Students go through a guided process of deciding who they will play in a band with, what instrument they will play, and what song(s) they would like to learn. These decisions are highly influenced by the preferences that students develop after going through the experience over the course of several years. Throughout the year, students hold themselves and each other accountable to be in the Band Room at their designated practice time. The adversity that comes with learning a new instrument and/or song while collaborating with their peers is invaluable to the process. As a group, each band readies themselves for the Rock Concert, and the work put into each practice, whether smooth or bumpy, becomes worth it.
The interpersonal skills cultivated during the Upper School Music process are crucial to not only their success as a band, but as people going into the world after Peninsula.
Physical Education
Every class from Nursery to 8th grade meets for PE at least once a week. This weekly meeting time creates a unique opportunity for students to cultivate relationships with each other, while also successfully navigating the three domains of learning: Cognitive, Affective, and Psychomotor. If we look closer at those three domains, they all naturally make their way into a well-structured lesson. PE at Peninsula is structured in a way that really allows every domain of learning to be touched upon, all while the students think they are just “playing games.” The cognitive domain is accomplished through things like rules and strategies. The affective domain is accomplished through emotional processing and conflict resolution.
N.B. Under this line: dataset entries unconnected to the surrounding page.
Lemma slot_inj k : injective (slot k).
Proof.
move=> j1 j2; rewrite /slot.
case: ifPn => [/[dup] jA1 /rankA_lt r1 | /[dup] jB1 /rankB_lt r1];
  case: ifPn => [/[dup] jA2 /rankA_lt r2 | /[dup] jB2 /rankB_lt r2].
- move/eqP; rewrite eqn_modDl !modn_small // => /eqP.
  by apply: (index_inj j1); rewrite mem_enum.
- by have := ltn_pmod (k + index j1 (enum A)) (leq_ltn_trans (leq0n _) r1); lia.
- by have := ltn_pmod (k + index j2 (enum A)) (leq_ltn_trans (leq0n _) r2); lia.
- move/addnI/eqP; rewrite eqn_modDl !modn_small // => /eqP.
  by apply: (index_inj j1); rewrite mem_enum inE.
Qed.

Hypotheses (a_dvd_q : a %| q) (b_dvd_q : b %| q).

Lemma sum_slot_eq j c : c < a + b ->
  \sum_(k < q) (slot k j == c) =
    if j \in A then (c < a) * (q %/ a) else (a <= c) * (q %/ b).
Proof.
move=> c_lt; rewrite /slot; case: ifPn => [/rankA_lt | /rankB_lt] rank_lt.
  case: ltnP => [c_lt_a | a_le_c]; first by rewrite mul1n sum_residue_eq.
  by rewrite mul0n big1 // => k _; rewrite ltn_eqF // (leq_trans _ a_le_c) // ltn_pmod //; lia.
case: leqP => [a_le_c | c_lt_a]; last by rewrite mul0n big1 // => k _; rewrite gtn_eqF ?ltn_addr.
rewrite mul1n -(sum_residue_eq (index j (enum (~: A))) b_dvd_q (_ : c - a < b)); last by lia.
by apply: eq_bigr => k _; congr nat_of_bool; apply/eqP/eqP; lia.
Qed.

Lemma block_load c :
  c < a + b -> \sum_(j < size sigma) w j * \sum_(k < q) (slot k j == c) = q.
Proof.
move=> c_lt; rewrite (bigID (mem A)) /=.
rewrite (eq_bigr (fun j : 'I_(size sigma) => w j * ((c < a) * (q %/ a)))) => [|j jA];
  last by rewrite sum_slot_eq ?jA.
rewrite [X in _ + X](eq_bigr (fun j : 'I_(size sigma) => w j * ((a <= c) * (q %/ b))))
  => [|j /negbTE jB]; last by rewrite sum_slot_eq ?jB.
rewrite -!big_distrl /= -/a (eq_bigl (mem (~: A))) => [|j]; last by rewrite !inE.
rewrite -/b; case: ltnP => _; rewrite ?mul1n ?mul0n ?muln0 ?addn0 ?add0n mulnC divnK //.
Qed.

Let ab_gt0 (i : 'I_(N * (a + b))) : 0 < a + b.
Proof. by move: (val i) (ltn_ord i) => m; case: (a + b); rewrite ?muln0. Qed.

Lemma schedule_lt (g : 'I_N) k j : g * (a + b) + slot k j < N * (a + b).
Proof.
apply: leq_trans (_ : g.+1 * (a + b) <= _).
  by rewrite mulSn [_ + slot _ _]addnC ltn_add2r slot_lt.
by rewrite leq_mul2r ltn_ord orbT.
Qed.

Definition cyclic_schedule (e : 'I_N * 'I_q) (j : 'I_(size sigma)) : 'I_(N * (a + b)) :=
  Ordinal (schedule_lt e.1 e.2 j).

Lemma cyclic_schedule_inj e : injective (cyclic_schedule e).
Proof. by move=> j1 j2 /(congr1 val) /addnI; apply: slot_inj. Qed.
Finally, the most obvious for PE, the psychomotor domain is accomplished through locomotor and non-locomotor movements paired with skill building.
PE Activities is offered five days a week to both upper and lower school students. In the PE activities program, students from different classes are asked to come to a consensus on which game they are going to play that day. Using this consensus model creates a ripple effect that allows for the compounding of core values that align with Peninsula School’s mission. With consensus comes student agency, patience, and community-building. What comes next is Play. This version of Play is different from free play, but still allows space for the students to create authentic interactions with their peers, while also exploring and navigating relationships. During PE activities time, students experience choice and all the responsibility that comes with it: their decisions may lead to positive outcomes or they may lead to learning experiences that create problem-solving opportunities.